▶ _Collected data entries_:
────
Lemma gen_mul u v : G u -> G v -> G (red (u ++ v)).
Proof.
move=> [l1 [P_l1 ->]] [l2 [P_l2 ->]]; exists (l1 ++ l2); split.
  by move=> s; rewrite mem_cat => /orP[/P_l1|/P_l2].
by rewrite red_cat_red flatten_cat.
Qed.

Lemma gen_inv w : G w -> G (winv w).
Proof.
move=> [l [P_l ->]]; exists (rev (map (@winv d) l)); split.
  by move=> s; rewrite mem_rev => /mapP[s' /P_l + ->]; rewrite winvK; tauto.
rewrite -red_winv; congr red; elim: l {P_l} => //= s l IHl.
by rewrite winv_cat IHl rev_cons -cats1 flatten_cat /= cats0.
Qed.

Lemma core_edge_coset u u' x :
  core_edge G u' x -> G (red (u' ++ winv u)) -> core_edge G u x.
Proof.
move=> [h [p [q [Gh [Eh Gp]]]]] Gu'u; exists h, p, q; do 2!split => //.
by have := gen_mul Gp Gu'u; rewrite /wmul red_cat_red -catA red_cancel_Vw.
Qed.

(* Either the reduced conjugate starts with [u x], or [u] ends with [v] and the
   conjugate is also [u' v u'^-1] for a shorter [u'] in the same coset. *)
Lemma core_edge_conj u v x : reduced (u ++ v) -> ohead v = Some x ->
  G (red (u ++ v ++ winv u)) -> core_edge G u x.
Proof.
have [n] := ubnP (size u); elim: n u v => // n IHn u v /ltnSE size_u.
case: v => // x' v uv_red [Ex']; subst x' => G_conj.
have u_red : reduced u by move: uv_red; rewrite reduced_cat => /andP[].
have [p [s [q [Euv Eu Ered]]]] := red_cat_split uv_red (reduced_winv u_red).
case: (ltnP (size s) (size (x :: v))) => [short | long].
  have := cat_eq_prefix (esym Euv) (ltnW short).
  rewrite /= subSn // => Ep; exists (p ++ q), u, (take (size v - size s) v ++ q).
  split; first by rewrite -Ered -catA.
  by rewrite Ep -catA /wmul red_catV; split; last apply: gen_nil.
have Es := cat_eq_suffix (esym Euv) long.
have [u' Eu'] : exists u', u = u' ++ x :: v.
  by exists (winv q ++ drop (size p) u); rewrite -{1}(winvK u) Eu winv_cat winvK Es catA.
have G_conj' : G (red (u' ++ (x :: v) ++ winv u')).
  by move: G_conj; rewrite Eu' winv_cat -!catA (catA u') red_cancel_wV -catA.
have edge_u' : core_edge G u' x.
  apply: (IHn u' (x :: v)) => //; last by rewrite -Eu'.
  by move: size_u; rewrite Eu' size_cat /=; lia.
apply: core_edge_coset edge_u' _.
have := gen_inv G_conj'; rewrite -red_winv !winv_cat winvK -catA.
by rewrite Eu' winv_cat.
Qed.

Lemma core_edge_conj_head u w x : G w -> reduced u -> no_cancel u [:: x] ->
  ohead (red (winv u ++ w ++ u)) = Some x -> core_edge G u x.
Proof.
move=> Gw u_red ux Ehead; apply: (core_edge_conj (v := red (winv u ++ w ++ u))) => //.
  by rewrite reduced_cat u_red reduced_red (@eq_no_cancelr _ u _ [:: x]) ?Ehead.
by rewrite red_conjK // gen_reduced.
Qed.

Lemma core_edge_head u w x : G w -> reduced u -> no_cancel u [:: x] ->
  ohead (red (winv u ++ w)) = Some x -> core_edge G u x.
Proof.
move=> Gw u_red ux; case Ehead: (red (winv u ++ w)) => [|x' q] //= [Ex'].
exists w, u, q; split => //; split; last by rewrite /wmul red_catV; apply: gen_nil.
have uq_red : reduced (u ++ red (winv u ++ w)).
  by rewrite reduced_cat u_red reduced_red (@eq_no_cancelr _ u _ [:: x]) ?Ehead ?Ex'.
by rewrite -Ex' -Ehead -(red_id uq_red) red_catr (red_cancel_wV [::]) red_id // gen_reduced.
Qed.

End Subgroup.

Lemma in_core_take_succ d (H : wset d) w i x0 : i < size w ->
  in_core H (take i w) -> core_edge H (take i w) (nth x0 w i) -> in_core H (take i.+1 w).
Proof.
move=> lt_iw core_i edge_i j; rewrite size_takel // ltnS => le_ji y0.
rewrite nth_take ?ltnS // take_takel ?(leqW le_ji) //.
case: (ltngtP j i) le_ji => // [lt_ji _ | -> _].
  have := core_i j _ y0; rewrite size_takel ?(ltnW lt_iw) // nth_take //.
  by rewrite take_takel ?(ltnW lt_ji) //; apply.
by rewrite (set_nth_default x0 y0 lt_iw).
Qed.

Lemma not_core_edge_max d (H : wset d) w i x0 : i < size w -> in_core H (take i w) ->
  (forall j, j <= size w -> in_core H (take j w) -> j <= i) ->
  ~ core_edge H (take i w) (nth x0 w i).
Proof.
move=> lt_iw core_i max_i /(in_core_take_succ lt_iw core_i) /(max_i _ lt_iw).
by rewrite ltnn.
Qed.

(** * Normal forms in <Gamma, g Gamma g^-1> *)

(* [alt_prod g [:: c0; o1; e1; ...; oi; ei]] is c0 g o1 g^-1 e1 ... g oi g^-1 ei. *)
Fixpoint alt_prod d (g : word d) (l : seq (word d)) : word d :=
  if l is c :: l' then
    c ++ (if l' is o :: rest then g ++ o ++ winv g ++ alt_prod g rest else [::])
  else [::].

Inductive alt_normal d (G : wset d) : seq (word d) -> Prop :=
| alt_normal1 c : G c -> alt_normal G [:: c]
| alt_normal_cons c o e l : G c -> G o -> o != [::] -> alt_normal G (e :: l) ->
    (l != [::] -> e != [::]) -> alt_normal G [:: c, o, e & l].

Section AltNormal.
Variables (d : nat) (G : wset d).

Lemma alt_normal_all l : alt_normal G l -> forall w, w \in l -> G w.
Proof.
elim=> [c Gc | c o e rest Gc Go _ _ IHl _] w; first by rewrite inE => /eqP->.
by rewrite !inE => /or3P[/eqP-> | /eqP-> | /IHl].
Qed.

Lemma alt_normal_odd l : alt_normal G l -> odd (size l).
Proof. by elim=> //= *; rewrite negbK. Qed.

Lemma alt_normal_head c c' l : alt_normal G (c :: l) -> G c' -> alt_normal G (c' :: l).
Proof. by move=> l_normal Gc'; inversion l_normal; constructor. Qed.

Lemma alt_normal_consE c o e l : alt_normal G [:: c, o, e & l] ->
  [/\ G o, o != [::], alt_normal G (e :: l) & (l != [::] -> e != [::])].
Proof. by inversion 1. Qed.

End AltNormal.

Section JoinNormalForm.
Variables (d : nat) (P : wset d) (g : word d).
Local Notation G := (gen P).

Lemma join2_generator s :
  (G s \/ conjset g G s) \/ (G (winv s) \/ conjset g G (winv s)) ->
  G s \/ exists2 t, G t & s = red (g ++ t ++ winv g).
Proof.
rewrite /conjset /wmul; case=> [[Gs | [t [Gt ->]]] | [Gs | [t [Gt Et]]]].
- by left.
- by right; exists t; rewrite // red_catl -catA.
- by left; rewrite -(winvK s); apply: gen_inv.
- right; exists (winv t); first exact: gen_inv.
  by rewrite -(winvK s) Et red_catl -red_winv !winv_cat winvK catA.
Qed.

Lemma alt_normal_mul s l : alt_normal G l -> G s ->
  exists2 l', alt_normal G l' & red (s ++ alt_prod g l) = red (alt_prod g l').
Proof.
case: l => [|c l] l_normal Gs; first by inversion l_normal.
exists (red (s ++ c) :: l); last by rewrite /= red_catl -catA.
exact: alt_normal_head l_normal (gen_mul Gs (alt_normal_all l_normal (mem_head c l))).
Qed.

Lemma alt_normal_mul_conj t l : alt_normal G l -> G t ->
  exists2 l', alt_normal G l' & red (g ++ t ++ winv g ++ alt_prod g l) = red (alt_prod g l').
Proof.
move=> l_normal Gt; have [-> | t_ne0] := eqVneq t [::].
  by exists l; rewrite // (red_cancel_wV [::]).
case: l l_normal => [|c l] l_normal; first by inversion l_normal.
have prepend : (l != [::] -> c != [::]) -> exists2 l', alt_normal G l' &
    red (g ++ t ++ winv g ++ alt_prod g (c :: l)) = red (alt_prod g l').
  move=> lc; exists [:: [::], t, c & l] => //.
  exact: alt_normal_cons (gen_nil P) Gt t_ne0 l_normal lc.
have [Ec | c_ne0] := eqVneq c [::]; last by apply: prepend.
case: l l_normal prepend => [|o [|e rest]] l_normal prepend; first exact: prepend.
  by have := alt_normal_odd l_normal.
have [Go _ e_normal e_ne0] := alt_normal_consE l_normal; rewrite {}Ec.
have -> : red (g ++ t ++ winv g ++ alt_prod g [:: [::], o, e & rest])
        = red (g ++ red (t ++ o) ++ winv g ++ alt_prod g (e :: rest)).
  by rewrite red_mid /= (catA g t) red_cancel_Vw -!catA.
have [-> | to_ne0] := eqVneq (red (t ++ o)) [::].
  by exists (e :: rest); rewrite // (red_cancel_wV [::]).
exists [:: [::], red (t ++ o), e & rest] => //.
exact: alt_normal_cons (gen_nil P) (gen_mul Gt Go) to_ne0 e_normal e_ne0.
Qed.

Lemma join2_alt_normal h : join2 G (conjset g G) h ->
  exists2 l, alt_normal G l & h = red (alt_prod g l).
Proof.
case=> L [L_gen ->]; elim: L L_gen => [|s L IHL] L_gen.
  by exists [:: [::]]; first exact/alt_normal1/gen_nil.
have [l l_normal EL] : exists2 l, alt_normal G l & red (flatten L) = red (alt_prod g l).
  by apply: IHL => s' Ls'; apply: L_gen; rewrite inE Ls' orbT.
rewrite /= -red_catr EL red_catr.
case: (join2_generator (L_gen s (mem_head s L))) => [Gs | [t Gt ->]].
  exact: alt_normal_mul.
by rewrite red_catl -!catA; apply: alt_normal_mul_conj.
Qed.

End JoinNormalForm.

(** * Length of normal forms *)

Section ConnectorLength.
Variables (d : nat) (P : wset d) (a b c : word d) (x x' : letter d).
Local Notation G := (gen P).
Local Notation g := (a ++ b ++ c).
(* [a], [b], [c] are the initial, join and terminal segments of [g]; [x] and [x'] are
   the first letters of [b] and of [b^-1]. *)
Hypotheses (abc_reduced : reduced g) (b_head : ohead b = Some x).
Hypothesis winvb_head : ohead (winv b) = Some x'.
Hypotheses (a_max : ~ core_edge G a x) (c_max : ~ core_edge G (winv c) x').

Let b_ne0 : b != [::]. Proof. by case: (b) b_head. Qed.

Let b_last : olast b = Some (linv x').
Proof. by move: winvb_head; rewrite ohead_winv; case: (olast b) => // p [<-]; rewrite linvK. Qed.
────
After locating the line that holds "Let b_last : olast b = Some (linv x').", print it and each line after it through the end of the data, exactly as it stands.

▶ _EXERCISE OUTPUT_:
Let b_last : olast b = Some (linv x').
Proof. by move: winvb_head; rewrite ohead_winv; case: (olast b) => // p [<-]; rewrite linvK. Qed.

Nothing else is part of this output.